Emma Eriksen Josh Marquez Alex Xochicale Brianna Chang Regulatory Mechanism of Competitive Inhibition
1. This image shows an example of competitive inhibition of an enzyme. It is captioned ‘Competitive Inhibition of an Enzyme.” 2. Competitive inhibition works by interrupting the effective creation of an enzyme-substrate complex. As seen in the drawing, a molecule with a similar shape as a specific substrate will bind to a specific enzyme with the corresponding active site. Once the molecule, known as an inhibitor, bonds with the enzyme, the substrate that is typically involved in the creation of the enzyme-substrate complex is unable to bond with the enzyme. However, competitive inhibition is not as effective as allosteric inhibition, since both the inhibitor and the substrate bond at the same site. Competitive inhibition can fail to regulate the inactivation of an enzyme if the production of a substrate increases. 3. Competitive inhibition of enzymes can be compared to a manufacturing machine. The machine is meant to produce a product that can be used. However, if the machine’s gear are jammed by another substance, then the machine cannot create the product it is supposed to. This is similar to the method of enzyme regulation of competitive inhibition. When the enzyme is “jammed” with the inhibitor, it is unable to produce the product that would be made with the substrates.

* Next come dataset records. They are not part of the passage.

(* Let $(Q,P)$ be a weakly quasi-lattice ordered group and let $\Lambda$ be a $P$-graph with $\mathrm{FA}(\Lambda)\neq\emptyset$. Then the path groupoid $\mathcal{G}(\Lambda)$ and the boundary-path groupoid $\partial\mathcal{G}(\Lambda)$ are ample, second-countable and Hausdorff.
   Context: $(Q,P)$ weakly quasi-lattice ordered: $Q$ a discrete group, $P\subseteq Q$ a subsemigroup containing the identity $e$ with $P\cap P^{-1}=\{e\}$, and, with $p\le r$ meaning $pq=r$ for some $q\in P$, any two elements of $P$ with a common upper bound have a least common upper bound. A $P$-graph is a countable small category $\Lambda$ (identities $\Lambda^{(0)}$, range/source $r,s$) with a functor $d:\Lambda\to P$ with unique factorisation (if $d(\lambda)=pq$ then there are unique $\mu,\nu$ with $\lambda=\mu\nu$, $d(\mu)=p$, $d(\nu)=q$). Write $\Lambda^m=d^{-1}(m)$, $\lambda\Lambda=\{\lambda\mu: s(\lambda)=r(\mu)\}$, $\mu\preceq\lambda$ iff $\lambda\in\mu\Lambda$. $\mathrm{FA}(\Lambda)$ is the set of $\lambda$ such that for all $\mu\in\lambda\Lambda,\nu\in\Lambda$ there is finite $J\subseteq\Lambda$ with $\mu\Lambda\cap\nu\Lambda=\bigcup_{\kappa\in J}\kappa\Lambda$. A filter is a nonempty hereditary and directed subset of $\Lambda$ (w.r.t. $\preceq$); $\mathcal{F}(\Lambda)$ the filters, $\mathcal{U}(\Lambda)$ the maximal filters. $\mathcal{P}(\Lambda)$ has the product topology from $\{0,1\}^\Lambda$; subsets have subspace topology. Path space $\mathcal{X}(\Lambda)=\{x\in\mathcal{F}(\Lambda): x\cap\mathrm{FA}(\Lambda)\neq\emptyset\}$; boundary-path space $\partial\mathcal{X}(\Lambda)$ = closure of $\mathcal{U}(\Lambda)\cap\mathcal{X}(\Lambda)$ in $\mathcal{X}(\Lambda)$. For $x\in\mathcal{X}(\Lambda)$ and $m\in P$ with $x\cap\Lambda^m\neq\emptyset$ (write $x\in\mathrm{dom}(m)$), let $x(0,m)$ be the unique element of $x\cap\Lambda^m$ and $x\cdot m=\{\mu: x(0,m)\mu\in x\}\in\mathcal{X}(\Lambda)$. The path groupoid $\mathcal{G}(\Lambda)$ is the set of $(x,q,y)\in\mathcal{X}(\Lambda)\times Q\times\mathcal{X}(\Lambda)$ for which there are $m,n\in P$ with $q=mn^{-1}$, $x\in\mathrm{dom}(m)$, $y\in\mathrm{dom}(n)$, $x\cdot m=y\cdot n$; composable pairs are $((x,q,y),(y,r,z))$ with product $(x,qr,z)$, inverse $(x,q,y)^{-1}=(y,q^{-1},x)$; its topology has basis the sets $\{(x,mn^{-1},y)\in\mathcal{G}(\Lambda): x\in U, y\in V, x\cdot m=y\cdot n\}$ for $m,n\in P$ and $U,V\subseteq\mathcal{X}(\Lambda)$ open. The unit space is identified with $\mathcal{X}(\Lambda)$ via $x\mapsto(x,e,x)$. The boundary-path groupoid $\partial\mathcal{G}(\Lambda)$ is the reduction $\{g\in\mathcal{G}(\Lambda): r(g),s(g)\in\partial\mathcal{X}(\Lambda)\}$ with the subspace topology. A topological groupoid is étale if it is locally compact with locally compact Hausdorff unit space and the source map is a local homeomorphism; ample if moreover the unit space has a basis of compact open sets. *)

From HB Require Import structures.
From mathcomp Require Import all_boot monoid.
From mathcomp Require Import boolp classical_sets cardinality.
(* Let $\mathbb{E}^\ast_n=\{(a,b)\in\mathbb{N}^2:1\le a+b\le n\}$ and define $\vec v:\mathbb{E}^\ast_n\to W$ by \[\vec v(a,b)=(\underbrace{1,\dots,1}_{a},\underbrace{0,\dots,0}_{n-a-b},\underbrace{-1,\dots,-1}_{b}).\] (a) The map $(a,b)\mapsto \mathbb{R}_{\ge0}\vec v(a,b)$ is a bijection from $\mathbb{E}^\ast_n$ onto the set of extreme rays of $I(\mathfrak{gl}_n,V\oplus\bigwedge^2)$. (b) For $S\subseteq[n]$, the extreme rays lying in the chamber $C(S)$ are exactly those generated by $\vec v(\pi_\ell^S,\ell-\pi_\ell^S)$ for $\ell=1,\dots,n$, where $\pi_\ell^S=|S\cap[n-\ell+1,\infty)|$.
   Context: Identify the diagonal Cartan subalgebra of $\mathfrak{gl}_n$ with $\mathbb{R}^n$ with coordinates $x_1,\dots,x_n$. Let $W=\{x_1\ge\cdots\ge x_n\}$ and $W^0=\{x_1>\cdots>x_n\}$. For $1\le i\le j\le n$ let $\lambda_{i,j}^\perp$ be the hyperplane $x_i+x_j=0$ (for $i=j$: $x_i=0$); $I(\mathfrak{gl}_n,V\oplus\bigwedge^2)$ is the arrangement of these hyperplanes restricted to $W$. Chambers are the closures of the connected components of $W^0\setminus\bigcup\lambda_{i,j}^\perp$; a face is a chamber or the intersection of a chamber with a supporting hyperplane; an extreme ray is a face that is a half-line. For $S=\{a_1>\cdots>a_k\}\subseteq[n]$, $C(S)$ is the subset of $W$ on which, for $1\le i\le j\le n$, $x_i+x_j\ge0$ if $i\le k$ and $j\le i+a_i-1$, and $x_i+x_j\le0$ otherwise (row $i$ of the right-justified sign tableau of the $x_i+x_j$ has $a_i$ plus signs for $i\le k$, none for $i>k$); these are exactly the chambers. *)

(* Points of R^n are row vectors 'rV[R]_n; the paper's
   coordinate x_(i+1) is x 0 i (0-based index i : 'I_n).
   Subsets of R^n are predicates 'rV[R]_n -> Prop. *)
From HB Require Import structures.
From mathcomp Require Import all_boot all_order all_algebra.
Set Implicit Arguments. Unset Strict Implicit. Unset Printing Implicit Defensive.
Import Order.TTheory GRing.Theory Num.Theory.
Local Open Scope ring_scope.

Section Defs.
Variables (R : realFieldType) (n : nat).

Definition pt := 'rV[R]_n.
Definition ptset := pt -> Prop.

Definition dotv (l x : pt) : R := \sum_(i < n) l 0 i * x 0 i.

4. Many drugs and poisons are enzyme inhibitors, since they prevent enzymes from working correctly. For example, cyanide is a very effective competitive inhibitor of the enzyme known as “cytochrome c oxidase.” A cyanide compound is any compound with a carbon atom triple-bonded to a nitrogen atom. Cyanide acts as a competitive inhibitor in the last part of the process of cellular respiration, which is the electron transport chain. Cyanide acts as a poison by preventing ATP from being made, and since ATP is the “universal energy source” in living organisms, any disruption in its production is often lethal. In particular, the central nervous system and the heart are heavily affected by the competitive inhibitor of cyanide.